Records contained in a dataset
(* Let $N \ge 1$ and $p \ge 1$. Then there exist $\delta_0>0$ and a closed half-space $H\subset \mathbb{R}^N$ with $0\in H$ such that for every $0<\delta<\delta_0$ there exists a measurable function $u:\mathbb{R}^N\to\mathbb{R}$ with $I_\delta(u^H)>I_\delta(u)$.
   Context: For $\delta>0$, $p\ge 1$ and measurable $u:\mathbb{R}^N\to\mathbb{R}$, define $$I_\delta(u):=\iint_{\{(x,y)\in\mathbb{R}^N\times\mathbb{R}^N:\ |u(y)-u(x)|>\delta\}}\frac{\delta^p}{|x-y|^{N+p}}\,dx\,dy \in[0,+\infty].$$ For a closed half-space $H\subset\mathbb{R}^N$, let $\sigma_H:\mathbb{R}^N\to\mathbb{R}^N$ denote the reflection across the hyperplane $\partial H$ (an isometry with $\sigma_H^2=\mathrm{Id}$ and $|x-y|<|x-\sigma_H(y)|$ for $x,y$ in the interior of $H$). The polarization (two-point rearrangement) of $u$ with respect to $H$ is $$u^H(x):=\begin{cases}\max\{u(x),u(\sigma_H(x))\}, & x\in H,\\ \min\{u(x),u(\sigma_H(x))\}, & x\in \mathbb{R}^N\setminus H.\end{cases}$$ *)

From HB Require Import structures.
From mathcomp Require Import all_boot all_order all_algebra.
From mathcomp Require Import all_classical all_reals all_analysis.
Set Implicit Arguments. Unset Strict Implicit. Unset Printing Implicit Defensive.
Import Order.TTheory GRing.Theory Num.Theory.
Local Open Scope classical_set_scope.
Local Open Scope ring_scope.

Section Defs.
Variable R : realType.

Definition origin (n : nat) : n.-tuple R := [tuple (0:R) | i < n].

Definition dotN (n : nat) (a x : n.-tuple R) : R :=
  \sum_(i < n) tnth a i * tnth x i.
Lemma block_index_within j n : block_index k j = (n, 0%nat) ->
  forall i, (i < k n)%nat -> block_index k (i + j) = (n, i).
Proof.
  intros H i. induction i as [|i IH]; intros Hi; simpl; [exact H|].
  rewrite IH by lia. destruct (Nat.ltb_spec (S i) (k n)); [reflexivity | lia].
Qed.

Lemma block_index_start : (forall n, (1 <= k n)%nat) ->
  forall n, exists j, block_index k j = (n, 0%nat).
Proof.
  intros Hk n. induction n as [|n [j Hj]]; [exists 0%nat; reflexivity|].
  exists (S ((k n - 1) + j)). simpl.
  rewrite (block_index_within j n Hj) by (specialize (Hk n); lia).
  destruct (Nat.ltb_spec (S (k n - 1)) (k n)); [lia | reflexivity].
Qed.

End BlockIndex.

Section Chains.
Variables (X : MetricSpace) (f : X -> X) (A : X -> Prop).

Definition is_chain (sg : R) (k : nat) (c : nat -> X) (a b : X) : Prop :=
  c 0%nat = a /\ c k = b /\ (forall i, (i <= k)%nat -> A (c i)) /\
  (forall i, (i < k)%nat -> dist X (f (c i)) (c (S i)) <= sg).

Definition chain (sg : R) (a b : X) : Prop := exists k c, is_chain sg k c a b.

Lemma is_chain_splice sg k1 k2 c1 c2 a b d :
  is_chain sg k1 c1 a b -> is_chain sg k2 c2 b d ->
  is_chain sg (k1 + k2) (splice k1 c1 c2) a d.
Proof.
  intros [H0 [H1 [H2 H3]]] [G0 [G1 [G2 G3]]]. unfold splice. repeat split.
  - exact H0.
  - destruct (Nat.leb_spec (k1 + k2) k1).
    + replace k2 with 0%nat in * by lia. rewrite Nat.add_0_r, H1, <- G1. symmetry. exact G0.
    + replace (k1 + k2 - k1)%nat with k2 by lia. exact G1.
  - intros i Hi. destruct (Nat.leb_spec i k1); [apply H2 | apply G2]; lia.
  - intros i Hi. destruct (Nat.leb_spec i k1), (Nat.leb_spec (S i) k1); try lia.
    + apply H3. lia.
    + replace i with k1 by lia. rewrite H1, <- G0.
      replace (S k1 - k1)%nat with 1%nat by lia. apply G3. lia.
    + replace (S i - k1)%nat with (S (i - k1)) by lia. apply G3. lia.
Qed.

PROBLEM STATEMENT
Type out the records again exactly, line for line.

WRITTEN REPLY
(* Let $N \ge 1$ and $p \ge 1$. Then there exist $\delta_0>0$ and a closed half-space $H\subset \mathbb{R}^N$ with $0\in H$ such that for every $0<\delta<\delta_0$ there exists a measurable function $u:\mathbb{R}^N\to\mathbb{R}$ with $I_\delta(u^H)>I_\delta(u)$.
   Context: For $\delta>0$, $p\ge 1$ and measurable $u:\mathbb{R}^N\to\mathbb{R}$, define $$I_\delta(u):=\iint_{\{(x,y)\in\mathbb{R}^N\times\mathbb{R}^N:\ |u(y)-u(x)|>\delta\}}\frac{\delta^p}{|x-y|^{N+p}}\,dx\,dy \in[0,+\infty].$$ For a closed half-space $H\subset\mathbb{R}^N$, let $\sigma_H:\mathbb{R}^N\to\mathbb{R}^N$ denote the reflection across the hyperplane $\partial H$ (an isometry with $\sigma_H^2=\mathrm{Id}$ and $|x-y|<|x-\sigma_H(y)|$ for $x,y$ in the interior of $H$). The polarization (two-point rearrangement) of $u$ with respect to $H$ is $$u^H(x):=\begin{cases}\max\{u(x),u(\sigma_H(x))\}, & x\in H,\\ \min\{u(x),u(\sigma_H(x))\}, & x\in \mathbb{R}^N\setminus H.\end{cases}$$ *)

From HB Require Import structures.
From mathcomp Require Import all_boot all_order all_algebra.
From mathcomp Require Import all_classical all_reals all_analysis.
Set Implicit Arguments. Unset Strict Implicit. Unset Printing Implicit Defensive.
Import Order.TTheory GRing.Theory Num.Theory.
Local Open Scope classical_set_scope.
Local Open Scope ring_scope.

Section Defs.
Variable R : realType.

Definition origin (n : nat) : n.-tuple R := [tuple (0:R) | i < n].

Definition dotN (n : nat) (a x : n.-tuple R) : R :=
  \sum_(i < n) tnth a i * tnth x i.
Lemma block_index_within j n : block_index k j = (n, 0%nat) ->
  forall i, (i < k n)%nat -> block_index k (i + j) = (n, i).
Proof.
  intros H i. induction i as [|i IH]; intros Hi; simpl; [exact H|].
  rewrite IH by lia. destruct (Nat.ltb_spec (S i) (k n)); [reflexivity | lia].
Qed.

Lemma block_index_start : (forall n, (1 <= k n)%nat) ->
  forall n, exists j, block_index k j = (n, 0%nat).
Proof.
  intros Hk n. induction n as [|n [j Hj]]; [exists 0%nat; reflexivity|].
  exists (S ((k n - 1) + j)). simpl.
  rewrite (block_index_within j n Hj) by (specialize (Hk n); lia).
  destruct (Nat.ltb_spec (S (k n - 1)) (k n)); [lia | reflexivity].
Qed.

End BlockIndex.

Section Chains.
Variables (X : MetricSpace) (f : X -> X) (A : X -> Prop).

Definition is_chain (sg : R) (k : nat) (c : nat -> X) (a b : X) : Prop :=
  c 0%nat = a /\ c k = b /\ (forall i, (i <= k)%nat -> A (c i)) /\
  (forall i, (i < k)%nat -> dist X (f (c i)) (c (S i)) <= sg).

Definition chain (sg : R) (a b : X) : Prop := exists k c, is_chain sg k c a b.

Lemma is_chain_splice sg k1 k2 c1 c2 a b d :
  is_chain sg k1 c1 a b -> is_chain sg k2 c2 b d ->
  is_chain sg (k1 + k2) (splice k1 c1 c2) a d.
Proof.
  intros [H0 [H1 [H2 H3]]] [G0 [G1 [G2 G3]]]. unfold splice. repeat split.
  - exact H0.
  - destruct (Nat.leb_spec (k1 + k2) k1).
    + replace k2 with 0%nat in * by lia. rewrite Nat.add_0_r, H1, <- G1. symmetry. exact G0.
    + replace (k1 + k2 - k1)%nat with k2 by lia. exact G1.
  - intros i Hi. destruct (Nat.leb_spec i k1); [apply H2 | apply G2]; lia.
  - intros i Hi. destruct (Nat.leb_spec i k1), (Nat.leb_spec (S i) k1); try lia.
    + apply H3. lia.
    + replace i with k1 by lia. rewrite H1, <- G0.
      replace (S k1 - k1)%nat with 1%nat by lia. apply G3. lia.
    + replace (S i - k1)%nat with (S (i - k1)) by lia. apply G3. lia.
Qed.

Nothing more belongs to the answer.